» **TASK TO COMPLETE**: Among the records below, find the line that has "in_window k (j - p)) ->"; from there, give the lines again exactly, and stop after the line that has "(fun j => (j - window_start".

[Collection entries]
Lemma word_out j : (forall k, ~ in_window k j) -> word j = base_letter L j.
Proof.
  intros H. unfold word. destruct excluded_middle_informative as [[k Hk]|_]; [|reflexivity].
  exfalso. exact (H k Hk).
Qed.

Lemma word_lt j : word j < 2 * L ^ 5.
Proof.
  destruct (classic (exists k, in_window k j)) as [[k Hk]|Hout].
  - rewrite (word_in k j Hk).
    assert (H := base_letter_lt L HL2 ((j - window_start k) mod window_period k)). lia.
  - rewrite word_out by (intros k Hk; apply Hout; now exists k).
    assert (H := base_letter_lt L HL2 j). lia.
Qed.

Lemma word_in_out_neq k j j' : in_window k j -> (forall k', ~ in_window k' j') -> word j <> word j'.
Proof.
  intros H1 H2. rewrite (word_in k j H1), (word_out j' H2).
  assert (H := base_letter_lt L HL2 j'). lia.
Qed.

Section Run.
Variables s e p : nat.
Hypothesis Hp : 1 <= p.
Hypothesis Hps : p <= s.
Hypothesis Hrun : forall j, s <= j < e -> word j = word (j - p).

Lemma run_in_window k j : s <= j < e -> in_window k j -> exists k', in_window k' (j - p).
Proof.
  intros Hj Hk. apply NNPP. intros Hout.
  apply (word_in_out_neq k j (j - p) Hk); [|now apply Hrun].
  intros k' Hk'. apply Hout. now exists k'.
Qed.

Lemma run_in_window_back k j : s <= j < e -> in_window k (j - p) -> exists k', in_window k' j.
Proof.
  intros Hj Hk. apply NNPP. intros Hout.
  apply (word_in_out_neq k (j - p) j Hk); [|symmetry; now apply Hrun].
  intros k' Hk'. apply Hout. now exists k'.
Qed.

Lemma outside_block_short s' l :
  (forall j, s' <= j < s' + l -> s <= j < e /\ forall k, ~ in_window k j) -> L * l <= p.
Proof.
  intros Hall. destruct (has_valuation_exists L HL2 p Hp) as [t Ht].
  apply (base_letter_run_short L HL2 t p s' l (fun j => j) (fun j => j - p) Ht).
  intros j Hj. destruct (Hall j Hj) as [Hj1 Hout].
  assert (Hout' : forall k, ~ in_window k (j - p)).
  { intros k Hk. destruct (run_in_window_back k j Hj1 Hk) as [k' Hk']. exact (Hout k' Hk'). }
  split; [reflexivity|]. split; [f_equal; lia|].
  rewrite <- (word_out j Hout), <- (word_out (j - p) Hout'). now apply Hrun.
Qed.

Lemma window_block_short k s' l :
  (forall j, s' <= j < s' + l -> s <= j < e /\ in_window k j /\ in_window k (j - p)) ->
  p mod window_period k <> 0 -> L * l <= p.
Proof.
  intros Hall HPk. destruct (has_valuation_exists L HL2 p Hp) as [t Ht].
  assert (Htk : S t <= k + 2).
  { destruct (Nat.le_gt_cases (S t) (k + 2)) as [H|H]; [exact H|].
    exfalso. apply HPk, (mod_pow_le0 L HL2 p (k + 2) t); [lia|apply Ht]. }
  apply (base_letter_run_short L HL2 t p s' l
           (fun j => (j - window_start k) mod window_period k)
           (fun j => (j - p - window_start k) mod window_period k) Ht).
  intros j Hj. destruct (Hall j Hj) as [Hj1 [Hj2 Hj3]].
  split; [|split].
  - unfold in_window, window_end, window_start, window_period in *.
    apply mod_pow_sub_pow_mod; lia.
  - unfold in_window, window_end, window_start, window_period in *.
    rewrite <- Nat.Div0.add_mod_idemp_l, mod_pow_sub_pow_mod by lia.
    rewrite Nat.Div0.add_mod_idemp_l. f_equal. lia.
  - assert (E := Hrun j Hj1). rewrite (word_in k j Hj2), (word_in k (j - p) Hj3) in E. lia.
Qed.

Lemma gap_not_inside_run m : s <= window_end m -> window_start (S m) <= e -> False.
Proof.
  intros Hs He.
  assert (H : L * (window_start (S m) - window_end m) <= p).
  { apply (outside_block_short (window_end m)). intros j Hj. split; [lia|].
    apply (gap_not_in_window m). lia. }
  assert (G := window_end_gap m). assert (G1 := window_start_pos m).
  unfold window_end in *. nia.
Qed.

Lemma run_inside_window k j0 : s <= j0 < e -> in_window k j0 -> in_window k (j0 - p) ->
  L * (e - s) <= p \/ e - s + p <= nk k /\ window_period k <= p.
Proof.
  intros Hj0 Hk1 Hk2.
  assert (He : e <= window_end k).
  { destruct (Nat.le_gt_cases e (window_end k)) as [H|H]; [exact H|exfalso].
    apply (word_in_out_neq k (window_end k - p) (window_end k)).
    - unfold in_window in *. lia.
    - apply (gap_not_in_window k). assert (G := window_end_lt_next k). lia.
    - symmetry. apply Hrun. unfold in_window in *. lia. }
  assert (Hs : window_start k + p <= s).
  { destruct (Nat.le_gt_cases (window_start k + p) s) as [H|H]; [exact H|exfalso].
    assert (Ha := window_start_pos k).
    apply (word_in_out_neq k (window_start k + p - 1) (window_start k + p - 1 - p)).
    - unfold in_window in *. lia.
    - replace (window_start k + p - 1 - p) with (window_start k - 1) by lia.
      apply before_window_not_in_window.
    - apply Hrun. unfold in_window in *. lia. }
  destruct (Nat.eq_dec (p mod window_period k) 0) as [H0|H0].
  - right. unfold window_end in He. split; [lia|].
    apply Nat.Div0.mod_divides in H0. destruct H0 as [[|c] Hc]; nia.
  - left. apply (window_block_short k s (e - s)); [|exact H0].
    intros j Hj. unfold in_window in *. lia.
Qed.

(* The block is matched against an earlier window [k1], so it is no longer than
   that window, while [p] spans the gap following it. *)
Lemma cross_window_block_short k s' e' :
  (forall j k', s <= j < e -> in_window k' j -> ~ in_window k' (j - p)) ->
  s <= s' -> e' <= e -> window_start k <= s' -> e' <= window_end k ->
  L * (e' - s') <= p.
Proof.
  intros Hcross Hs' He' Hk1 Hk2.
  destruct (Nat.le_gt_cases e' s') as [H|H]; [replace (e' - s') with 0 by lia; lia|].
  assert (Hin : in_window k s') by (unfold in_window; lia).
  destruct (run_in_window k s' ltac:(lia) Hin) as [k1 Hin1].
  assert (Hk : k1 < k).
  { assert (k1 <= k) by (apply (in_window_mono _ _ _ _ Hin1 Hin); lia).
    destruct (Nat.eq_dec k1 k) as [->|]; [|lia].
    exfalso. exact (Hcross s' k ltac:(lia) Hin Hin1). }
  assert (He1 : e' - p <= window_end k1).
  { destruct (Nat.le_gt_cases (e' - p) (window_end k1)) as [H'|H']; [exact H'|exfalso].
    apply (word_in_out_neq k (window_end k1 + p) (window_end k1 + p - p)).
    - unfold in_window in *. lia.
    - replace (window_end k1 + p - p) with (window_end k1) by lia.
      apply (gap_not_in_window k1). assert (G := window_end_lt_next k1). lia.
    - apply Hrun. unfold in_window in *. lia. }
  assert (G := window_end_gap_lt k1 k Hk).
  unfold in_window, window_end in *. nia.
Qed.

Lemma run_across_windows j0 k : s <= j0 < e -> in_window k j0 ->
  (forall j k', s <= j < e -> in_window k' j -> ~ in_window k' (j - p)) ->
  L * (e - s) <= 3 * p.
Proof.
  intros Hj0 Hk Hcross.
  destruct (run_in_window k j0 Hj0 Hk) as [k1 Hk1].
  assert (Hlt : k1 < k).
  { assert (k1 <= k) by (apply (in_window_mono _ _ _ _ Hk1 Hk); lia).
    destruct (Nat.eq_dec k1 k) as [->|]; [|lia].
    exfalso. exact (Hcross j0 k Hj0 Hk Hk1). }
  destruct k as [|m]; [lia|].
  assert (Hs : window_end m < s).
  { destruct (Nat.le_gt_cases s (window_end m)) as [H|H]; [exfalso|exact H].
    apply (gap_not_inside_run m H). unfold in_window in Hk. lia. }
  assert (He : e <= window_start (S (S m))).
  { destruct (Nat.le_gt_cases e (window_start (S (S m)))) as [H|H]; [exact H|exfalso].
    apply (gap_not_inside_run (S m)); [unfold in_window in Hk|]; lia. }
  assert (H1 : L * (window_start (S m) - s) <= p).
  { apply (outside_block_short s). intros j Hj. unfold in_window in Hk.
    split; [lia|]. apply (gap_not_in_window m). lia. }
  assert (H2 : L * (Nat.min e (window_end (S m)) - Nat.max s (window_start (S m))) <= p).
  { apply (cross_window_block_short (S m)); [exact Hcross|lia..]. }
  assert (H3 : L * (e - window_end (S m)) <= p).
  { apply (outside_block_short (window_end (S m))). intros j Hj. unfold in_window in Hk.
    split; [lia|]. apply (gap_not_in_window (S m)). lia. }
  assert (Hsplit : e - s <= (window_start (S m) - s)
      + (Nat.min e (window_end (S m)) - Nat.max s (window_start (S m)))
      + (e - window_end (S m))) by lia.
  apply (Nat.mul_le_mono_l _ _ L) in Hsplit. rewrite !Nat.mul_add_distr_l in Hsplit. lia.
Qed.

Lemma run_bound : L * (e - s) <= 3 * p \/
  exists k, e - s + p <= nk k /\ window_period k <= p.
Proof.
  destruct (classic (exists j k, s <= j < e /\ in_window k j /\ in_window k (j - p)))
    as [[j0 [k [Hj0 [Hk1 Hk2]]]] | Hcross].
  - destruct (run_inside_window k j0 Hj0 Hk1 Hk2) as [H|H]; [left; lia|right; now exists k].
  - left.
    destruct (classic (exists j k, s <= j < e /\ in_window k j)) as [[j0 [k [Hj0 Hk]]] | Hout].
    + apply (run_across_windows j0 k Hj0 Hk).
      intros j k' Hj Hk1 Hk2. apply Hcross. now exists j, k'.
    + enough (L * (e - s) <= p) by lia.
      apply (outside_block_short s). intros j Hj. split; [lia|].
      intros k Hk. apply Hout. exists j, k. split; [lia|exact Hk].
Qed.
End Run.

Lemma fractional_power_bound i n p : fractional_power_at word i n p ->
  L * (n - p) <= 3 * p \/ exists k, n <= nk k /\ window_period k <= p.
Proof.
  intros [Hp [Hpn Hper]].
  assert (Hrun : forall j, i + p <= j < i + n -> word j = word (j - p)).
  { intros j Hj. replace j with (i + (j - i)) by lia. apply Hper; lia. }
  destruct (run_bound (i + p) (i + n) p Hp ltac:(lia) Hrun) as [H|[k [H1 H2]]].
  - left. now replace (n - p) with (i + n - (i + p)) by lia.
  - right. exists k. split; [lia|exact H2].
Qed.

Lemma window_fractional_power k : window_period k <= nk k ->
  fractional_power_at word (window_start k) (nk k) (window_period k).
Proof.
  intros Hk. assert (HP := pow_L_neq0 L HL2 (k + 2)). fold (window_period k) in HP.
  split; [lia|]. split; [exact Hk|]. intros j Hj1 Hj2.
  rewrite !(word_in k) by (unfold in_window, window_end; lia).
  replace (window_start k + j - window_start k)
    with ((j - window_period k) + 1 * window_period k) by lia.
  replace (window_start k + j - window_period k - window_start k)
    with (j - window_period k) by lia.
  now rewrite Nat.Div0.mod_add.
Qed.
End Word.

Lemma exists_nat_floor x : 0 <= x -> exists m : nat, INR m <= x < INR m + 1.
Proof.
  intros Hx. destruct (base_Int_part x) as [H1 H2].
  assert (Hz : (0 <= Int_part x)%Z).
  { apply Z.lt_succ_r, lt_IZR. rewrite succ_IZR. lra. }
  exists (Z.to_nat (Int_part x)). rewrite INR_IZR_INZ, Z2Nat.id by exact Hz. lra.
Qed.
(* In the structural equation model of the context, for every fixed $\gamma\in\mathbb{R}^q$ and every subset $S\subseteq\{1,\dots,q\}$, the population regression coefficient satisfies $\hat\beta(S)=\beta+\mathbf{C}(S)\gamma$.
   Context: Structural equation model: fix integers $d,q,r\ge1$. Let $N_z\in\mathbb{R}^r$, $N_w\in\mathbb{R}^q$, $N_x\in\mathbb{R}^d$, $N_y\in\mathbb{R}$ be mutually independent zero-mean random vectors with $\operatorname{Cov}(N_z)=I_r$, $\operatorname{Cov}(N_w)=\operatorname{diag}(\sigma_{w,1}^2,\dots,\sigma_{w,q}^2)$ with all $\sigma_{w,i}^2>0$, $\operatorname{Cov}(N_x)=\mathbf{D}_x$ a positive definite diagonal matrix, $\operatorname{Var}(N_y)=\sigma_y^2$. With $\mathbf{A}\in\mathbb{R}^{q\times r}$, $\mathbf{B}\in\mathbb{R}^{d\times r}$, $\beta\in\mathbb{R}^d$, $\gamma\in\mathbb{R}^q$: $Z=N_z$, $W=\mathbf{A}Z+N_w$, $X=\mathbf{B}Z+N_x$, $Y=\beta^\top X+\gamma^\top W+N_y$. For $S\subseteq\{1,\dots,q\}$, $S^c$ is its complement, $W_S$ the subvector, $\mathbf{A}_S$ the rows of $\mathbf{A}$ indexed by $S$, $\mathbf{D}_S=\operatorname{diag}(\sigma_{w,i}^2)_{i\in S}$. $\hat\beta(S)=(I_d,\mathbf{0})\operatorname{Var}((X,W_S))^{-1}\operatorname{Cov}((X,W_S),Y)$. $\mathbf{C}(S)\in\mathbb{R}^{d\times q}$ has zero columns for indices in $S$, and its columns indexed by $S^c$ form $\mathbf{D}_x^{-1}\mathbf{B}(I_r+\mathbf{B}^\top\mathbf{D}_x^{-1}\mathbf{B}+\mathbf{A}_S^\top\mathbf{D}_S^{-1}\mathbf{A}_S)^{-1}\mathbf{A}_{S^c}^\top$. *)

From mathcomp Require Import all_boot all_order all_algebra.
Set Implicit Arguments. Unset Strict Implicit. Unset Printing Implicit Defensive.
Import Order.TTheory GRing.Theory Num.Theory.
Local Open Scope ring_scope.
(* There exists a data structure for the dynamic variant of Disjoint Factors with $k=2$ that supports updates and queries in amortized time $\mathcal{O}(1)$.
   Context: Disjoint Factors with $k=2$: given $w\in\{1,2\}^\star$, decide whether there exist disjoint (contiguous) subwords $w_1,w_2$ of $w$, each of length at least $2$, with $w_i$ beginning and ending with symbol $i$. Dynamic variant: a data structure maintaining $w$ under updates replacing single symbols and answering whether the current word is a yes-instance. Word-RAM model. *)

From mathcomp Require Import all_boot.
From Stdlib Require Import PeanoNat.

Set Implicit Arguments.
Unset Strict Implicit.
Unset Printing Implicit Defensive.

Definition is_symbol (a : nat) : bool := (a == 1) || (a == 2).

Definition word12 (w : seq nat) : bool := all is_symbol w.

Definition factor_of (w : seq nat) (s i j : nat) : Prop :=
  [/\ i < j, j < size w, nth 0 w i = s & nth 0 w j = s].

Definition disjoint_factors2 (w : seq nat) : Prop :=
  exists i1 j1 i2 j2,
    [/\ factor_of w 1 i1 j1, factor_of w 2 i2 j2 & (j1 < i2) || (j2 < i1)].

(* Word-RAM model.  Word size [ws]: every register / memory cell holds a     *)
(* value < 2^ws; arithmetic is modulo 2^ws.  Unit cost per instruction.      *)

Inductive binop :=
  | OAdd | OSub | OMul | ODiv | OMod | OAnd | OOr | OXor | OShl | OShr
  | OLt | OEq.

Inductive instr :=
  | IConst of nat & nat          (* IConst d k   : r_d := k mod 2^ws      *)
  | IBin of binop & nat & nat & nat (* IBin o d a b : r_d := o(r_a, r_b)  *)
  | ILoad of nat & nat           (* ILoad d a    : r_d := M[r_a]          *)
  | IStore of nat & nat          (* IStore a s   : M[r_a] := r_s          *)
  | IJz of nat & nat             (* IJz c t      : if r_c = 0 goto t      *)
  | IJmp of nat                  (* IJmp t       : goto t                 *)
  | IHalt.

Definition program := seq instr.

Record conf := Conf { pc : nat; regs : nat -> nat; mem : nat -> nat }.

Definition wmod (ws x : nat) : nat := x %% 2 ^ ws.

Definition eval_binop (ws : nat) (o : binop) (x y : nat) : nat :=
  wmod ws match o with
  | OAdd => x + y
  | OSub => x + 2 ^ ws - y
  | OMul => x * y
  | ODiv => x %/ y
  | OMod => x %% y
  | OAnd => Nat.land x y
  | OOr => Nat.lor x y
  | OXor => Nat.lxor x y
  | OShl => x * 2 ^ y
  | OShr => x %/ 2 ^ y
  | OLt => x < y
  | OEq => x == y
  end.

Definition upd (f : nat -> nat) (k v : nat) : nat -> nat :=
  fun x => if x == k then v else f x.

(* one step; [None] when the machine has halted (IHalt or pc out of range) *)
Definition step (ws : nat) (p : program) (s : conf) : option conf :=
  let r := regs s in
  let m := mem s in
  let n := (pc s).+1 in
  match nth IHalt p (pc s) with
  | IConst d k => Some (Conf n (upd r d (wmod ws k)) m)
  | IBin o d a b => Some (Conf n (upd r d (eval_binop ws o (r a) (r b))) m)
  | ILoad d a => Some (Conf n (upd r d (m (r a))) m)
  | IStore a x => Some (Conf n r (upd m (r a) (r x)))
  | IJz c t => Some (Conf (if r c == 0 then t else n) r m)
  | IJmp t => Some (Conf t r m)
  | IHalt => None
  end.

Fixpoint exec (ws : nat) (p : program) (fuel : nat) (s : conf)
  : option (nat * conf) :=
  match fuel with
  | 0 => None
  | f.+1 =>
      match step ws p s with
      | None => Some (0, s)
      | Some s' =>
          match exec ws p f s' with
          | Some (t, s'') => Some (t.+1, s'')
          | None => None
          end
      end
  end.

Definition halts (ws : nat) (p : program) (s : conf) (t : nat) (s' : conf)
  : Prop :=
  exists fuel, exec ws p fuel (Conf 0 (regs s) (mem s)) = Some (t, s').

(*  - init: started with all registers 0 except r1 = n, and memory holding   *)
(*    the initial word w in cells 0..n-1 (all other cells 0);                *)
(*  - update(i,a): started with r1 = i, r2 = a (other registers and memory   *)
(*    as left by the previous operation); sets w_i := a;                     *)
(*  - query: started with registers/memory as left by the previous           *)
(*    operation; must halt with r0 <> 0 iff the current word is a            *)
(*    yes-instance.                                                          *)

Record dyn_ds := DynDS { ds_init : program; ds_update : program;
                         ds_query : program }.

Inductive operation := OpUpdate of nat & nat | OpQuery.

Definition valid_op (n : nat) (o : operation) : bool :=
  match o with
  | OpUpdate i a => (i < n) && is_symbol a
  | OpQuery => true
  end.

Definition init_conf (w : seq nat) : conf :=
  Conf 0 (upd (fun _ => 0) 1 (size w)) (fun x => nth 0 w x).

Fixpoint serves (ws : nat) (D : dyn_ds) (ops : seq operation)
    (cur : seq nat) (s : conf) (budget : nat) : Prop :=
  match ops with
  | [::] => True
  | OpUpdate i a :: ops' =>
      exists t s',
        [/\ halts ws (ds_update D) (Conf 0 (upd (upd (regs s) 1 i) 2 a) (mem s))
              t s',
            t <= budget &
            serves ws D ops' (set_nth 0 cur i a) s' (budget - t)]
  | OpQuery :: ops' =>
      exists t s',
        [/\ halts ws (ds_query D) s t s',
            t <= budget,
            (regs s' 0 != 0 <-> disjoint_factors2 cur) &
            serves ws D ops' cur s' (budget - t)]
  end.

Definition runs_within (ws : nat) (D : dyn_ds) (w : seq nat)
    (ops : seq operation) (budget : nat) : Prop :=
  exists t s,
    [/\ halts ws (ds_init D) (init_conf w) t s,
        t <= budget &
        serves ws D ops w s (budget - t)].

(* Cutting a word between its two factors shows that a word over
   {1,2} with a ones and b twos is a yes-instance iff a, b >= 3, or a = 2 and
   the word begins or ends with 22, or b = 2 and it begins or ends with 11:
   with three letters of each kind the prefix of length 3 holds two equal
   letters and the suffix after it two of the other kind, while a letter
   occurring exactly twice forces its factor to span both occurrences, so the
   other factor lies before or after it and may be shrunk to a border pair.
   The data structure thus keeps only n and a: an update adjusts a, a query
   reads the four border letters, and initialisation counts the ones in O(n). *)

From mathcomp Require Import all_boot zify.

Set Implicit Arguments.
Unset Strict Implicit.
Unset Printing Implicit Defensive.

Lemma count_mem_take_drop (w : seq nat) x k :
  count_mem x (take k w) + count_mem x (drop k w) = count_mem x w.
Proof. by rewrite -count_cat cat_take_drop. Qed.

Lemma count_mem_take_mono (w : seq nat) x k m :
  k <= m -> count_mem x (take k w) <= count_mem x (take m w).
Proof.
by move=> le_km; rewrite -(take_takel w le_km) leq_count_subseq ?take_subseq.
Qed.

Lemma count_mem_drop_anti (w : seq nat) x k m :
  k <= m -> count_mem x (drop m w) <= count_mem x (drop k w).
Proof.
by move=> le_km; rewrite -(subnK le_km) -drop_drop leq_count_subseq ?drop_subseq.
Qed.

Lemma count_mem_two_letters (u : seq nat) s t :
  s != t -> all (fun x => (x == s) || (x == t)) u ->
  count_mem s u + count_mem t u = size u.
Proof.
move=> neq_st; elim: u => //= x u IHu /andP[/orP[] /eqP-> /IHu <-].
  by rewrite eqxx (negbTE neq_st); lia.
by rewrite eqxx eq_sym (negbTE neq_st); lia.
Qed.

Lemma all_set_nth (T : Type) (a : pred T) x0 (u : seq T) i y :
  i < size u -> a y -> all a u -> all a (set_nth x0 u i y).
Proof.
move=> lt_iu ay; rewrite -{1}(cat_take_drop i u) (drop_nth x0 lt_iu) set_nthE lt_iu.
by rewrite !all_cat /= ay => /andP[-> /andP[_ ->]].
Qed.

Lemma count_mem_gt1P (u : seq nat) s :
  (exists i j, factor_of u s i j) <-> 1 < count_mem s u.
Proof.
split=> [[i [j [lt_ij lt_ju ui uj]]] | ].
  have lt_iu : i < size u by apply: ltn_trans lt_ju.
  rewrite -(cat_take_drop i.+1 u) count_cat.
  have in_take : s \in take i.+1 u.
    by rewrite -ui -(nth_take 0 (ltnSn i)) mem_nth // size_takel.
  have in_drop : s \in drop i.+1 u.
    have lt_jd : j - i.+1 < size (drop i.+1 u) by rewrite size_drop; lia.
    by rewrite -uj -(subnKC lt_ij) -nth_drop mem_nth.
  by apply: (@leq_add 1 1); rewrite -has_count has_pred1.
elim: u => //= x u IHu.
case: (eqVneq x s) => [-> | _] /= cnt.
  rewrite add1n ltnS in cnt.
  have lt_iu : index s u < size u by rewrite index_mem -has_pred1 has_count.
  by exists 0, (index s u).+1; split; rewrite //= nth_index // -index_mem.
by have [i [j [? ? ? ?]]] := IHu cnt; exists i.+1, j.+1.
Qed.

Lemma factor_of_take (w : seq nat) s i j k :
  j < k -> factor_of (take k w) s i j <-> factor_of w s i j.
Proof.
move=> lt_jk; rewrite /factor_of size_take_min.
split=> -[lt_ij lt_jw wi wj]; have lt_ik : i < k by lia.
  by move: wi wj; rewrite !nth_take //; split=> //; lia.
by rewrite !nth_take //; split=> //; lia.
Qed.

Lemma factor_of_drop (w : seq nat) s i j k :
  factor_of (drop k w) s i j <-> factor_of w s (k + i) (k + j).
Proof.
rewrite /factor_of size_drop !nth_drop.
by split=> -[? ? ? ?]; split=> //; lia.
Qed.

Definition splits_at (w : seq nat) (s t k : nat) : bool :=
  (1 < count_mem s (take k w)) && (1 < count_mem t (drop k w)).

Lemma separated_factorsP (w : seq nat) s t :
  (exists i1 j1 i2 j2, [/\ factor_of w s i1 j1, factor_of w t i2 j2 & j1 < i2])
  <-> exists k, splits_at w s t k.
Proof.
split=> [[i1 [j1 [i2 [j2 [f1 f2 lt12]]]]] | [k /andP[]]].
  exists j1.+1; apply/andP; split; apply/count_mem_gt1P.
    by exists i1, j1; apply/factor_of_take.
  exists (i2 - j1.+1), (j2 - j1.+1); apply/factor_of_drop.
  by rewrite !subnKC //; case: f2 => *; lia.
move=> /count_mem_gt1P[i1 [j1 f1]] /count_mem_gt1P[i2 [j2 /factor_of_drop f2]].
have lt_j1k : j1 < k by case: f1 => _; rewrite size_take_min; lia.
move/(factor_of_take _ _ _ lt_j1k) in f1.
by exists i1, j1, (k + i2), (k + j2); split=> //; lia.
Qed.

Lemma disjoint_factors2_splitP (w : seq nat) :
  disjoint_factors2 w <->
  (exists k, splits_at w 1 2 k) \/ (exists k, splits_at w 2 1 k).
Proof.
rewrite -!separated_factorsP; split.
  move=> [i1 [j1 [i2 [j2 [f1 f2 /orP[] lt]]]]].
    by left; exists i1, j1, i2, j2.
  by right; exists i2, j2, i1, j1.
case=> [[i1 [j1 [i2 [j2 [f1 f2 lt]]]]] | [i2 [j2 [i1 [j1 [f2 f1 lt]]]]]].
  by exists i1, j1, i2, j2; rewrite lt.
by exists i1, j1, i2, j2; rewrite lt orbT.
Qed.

» **YOUR RESPONSE**:
  (forall j, s' <= j < s' + l -> s <= j < e /\ in_window k j /\ in_window k (j - p)) ->
  p mod window_period k <> 0 -> L * l <= p.
Proof.
  intros Hall HPk. destruct (has_valuation_exists L HL2 p Hp) as [t Ht].
  assert (Htk : S t <= k + 2).
  { destruct (Nat.le_gt_cases (S t) (k + 2)) as [H|H]; [exact H|].
    exfalso. apply HPk, (mod_pow_le0 L HL2 p (k + 2) t); [lia|apply Ht]. }
  apply (base_letter_run_short L HL2 t p s' l
           (fun j => (j - window_start k) mod window_period k)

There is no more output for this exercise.